# [WHAT YOU NEED TO DO]
Show all lines containing "Notation" from the data below.

--- DATASET EXCERPTS Enclosed Below ---

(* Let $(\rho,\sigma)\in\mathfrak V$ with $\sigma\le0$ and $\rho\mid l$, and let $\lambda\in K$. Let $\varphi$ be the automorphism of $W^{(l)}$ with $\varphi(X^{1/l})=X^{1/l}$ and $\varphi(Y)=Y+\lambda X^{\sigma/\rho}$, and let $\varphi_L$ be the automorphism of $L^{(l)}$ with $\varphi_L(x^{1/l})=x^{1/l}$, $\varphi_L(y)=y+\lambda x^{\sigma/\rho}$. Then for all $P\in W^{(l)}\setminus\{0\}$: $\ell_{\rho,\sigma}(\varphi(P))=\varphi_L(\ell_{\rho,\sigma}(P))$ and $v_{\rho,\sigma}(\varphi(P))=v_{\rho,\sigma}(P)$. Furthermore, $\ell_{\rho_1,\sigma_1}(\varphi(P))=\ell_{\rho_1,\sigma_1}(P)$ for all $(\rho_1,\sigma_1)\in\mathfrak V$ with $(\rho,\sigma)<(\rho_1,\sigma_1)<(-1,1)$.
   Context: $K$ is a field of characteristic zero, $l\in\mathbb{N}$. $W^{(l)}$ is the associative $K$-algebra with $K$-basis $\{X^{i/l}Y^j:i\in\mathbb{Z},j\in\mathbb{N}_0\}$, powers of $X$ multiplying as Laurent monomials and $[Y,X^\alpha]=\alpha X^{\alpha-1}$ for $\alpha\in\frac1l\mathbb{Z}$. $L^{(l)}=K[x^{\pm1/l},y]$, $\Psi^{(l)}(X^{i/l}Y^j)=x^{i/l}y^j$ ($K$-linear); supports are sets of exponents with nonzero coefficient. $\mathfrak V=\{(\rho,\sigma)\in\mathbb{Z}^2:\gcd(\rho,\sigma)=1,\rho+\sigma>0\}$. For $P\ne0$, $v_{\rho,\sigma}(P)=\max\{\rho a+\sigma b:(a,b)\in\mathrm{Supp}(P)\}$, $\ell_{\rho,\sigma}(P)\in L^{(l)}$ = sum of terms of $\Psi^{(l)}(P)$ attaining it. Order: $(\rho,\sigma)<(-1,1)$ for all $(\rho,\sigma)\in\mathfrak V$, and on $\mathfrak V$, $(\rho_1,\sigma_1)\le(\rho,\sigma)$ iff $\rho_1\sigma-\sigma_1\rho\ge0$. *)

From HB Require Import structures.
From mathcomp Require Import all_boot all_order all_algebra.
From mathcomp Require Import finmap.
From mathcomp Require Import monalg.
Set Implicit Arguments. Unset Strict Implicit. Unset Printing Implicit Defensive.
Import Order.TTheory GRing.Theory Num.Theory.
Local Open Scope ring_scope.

--- End of Enclosed DATASET EXCERPTS ---
--- DATASET EXCERPTS Enclosed Below ---

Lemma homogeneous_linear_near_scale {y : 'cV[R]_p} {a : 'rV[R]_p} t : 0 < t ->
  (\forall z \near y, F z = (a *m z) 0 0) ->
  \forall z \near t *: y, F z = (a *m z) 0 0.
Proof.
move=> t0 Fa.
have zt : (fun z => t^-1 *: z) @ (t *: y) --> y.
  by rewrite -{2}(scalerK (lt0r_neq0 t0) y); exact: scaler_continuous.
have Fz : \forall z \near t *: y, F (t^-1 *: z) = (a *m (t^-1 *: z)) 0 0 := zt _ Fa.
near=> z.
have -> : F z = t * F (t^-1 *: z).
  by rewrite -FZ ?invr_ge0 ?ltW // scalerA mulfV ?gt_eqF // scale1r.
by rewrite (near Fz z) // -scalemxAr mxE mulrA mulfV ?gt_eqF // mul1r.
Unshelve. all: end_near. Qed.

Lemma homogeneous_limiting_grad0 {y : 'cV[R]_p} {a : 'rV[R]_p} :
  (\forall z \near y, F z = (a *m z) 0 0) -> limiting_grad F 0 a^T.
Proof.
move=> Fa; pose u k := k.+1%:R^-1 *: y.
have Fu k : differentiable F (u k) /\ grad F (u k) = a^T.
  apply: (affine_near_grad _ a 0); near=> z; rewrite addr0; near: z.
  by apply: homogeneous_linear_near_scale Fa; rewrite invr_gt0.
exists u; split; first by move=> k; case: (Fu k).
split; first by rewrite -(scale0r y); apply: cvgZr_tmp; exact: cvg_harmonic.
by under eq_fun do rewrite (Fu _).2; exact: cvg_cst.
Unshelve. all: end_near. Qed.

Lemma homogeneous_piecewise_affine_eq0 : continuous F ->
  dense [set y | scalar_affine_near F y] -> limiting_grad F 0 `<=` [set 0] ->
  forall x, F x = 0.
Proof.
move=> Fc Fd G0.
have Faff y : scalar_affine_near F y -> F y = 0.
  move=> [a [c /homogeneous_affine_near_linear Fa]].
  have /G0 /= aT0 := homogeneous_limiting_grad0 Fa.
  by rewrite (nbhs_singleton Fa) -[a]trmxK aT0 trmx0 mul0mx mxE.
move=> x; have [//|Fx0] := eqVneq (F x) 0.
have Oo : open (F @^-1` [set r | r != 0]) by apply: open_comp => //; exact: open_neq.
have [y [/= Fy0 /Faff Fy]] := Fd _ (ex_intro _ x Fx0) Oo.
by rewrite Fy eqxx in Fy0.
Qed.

--- End of Enclosed DATASET EXCERPTS ---
--- DATASET EXCERPTS Enclosed Below ---

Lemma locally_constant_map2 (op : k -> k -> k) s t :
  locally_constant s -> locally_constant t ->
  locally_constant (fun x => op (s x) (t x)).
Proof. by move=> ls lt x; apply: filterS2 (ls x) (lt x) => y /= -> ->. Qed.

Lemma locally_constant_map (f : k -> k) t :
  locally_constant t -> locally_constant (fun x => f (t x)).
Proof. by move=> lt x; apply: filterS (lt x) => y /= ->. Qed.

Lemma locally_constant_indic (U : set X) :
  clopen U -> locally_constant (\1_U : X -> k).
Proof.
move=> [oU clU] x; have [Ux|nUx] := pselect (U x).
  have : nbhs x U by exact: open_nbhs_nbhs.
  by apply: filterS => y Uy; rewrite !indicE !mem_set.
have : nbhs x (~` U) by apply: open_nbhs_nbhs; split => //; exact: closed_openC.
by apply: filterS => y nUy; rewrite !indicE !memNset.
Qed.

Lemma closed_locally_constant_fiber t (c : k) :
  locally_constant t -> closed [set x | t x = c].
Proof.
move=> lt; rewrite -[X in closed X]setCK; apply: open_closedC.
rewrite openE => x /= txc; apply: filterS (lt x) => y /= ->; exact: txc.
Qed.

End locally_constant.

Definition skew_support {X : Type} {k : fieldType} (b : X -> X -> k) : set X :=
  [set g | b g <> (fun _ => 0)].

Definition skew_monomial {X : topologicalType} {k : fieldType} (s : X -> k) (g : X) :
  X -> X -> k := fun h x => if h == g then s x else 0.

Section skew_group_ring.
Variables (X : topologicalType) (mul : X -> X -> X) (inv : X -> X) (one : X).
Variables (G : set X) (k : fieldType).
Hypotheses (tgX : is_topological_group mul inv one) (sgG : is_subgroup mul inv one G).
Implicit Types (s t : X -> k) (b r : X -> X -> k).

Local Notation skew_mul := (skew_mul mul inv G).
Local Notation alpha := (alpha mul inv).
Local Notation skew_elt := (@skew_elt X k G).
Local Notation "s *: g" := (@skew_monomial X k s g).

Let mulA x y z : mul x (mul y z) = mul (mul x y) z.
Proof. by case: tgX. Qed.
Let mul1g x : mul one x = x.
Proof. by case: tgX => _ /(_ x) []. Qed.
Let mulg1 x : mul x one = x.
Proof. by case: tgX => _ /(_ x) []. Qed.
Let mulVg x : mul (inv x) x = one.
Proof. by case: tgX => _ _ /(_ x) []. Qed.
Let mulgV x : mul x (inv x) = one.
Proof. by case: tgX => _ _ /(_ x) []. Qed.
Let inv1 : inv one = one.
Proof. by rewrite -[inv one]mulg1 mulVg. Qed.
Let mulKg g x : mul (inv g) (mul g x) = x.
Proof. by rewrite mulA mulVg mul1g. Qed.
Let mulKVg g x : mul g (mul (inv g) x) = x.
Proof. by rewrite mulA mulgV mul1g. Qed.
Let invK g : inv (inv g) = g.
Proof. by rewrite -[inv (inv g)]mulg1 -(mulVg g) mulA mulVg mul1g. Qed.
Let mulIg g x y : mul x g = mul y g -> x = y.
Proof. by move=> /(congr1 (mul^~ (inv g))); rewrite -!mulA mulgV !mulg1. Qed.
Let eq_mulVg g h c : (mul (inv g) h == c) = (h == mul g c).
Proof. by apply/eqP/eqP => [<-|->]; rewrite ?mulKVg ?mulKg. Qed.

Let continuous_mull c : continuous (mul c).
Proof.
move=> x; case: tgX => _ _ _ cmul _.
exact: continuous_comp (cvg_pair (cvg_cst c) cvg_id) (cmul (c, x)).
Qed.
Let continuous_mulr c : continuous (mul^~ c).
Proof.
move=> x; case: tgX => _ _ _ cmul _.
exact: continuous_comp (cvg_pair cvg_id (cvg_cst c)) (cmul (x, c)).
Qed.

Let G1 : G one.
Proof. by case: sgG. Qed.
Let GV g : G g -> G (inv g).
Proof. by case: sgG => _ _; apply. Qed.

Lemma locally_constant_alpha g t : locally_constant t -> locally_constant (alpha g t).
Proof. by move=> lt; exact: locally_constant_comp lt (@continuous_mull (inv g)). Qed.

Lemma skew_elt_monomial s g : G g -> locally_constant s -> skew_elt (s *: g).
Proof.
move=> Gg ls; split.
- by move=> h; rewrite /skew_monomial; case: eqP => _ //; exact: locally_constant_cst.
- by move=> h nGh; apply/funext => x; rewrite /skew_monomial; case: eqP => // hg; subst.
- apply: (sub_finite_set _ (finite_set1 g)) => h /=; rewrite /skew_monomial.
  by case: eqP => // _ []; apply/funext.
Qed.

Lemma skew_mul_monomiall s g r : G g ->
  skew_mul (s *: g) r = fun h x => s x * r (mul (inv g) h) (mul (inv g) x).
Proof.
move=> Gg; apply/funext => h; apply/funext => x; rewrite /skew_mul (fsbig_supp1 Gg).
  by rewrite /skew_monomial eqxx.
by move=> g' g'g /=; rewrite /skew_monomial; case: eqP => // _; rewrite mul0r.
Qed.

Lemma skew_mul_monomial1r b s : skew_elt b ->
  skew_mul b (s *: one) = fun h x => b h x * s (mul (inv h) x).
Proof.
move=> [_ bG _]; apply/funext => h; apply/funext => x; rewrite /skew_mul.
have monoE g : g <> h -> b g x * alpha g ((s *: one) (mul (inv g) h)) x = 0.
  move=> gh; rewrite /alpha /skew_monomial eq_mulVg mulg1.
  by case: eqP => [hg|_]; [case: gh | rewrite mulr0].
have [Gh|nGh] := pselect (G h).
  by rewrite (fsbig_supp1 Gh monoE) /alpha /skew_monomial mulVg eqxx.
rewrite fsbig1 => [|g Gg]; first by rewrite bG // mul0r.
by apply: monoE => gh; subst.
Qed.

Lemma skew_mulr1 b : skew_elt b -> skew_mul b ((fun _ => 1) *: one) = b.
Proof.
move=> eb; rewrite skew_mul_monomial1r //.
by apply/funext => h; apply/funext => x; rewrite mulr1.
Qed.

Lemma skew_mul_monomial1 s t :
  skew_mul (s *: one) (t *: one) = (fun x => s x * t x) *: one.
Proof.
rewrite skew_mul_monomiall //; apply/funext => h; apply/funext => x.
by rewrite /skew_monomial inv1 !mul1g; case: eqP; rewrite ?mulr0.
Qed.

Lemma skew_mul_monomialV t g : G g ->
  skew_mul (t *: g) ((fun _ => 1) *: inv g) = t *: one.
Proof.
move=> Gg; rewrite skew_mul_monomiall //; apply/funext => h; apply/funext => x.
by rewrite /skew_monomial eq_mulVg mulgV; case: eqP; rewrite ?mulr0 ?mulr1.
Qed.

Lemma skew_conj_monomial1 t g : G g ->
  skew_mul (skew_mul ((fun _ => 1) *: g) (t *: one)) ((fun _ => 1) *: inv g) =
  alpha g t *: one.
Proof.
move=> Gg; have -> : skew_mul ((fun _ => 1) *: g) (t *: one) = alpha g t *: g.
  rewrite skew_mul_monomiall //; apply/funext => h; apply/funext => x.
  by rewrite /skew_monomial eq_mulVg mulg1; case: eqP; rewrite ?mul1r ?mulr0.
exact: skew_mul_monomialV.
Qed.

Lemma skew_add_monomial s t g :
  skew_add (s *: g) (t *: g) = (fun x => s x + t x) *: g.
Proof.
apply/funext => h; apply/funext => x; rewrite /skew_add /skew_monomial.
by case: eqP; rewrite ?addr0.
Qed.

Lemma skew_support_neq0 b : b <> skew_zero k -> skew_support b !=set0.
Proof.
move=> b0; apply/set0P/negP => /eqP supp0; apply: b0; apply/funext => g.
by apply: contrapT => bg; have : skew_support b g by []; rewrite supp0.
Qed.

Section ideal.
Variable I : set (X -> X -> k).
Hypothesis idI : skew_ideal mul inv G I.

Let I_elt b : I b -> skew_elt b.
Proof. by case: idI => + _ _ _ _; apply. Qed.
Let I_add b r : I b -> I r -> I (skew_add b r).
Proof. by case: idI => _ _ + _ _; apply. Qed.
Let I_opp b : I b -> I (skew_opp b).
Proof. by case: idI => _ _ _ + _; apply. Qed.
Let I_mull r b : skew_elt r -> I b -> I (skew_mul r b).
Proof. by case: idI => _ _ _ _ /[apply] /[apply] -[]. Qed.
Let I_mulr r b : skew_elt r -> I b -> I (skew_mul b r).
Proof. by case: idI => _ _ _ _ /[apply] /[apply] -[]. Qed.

--- End of Enclosed DATASET EXCERPTS ---

# [WORKED SOLUTION]
Local Notation skew_mul := (skew_mul mul inv G).
Local Notation alpha := (alpha mul inv).
Local Notation skew_elt := (@skew_elt X k G).
Local Notation "s *: g" := (@skew_monomial X k s g).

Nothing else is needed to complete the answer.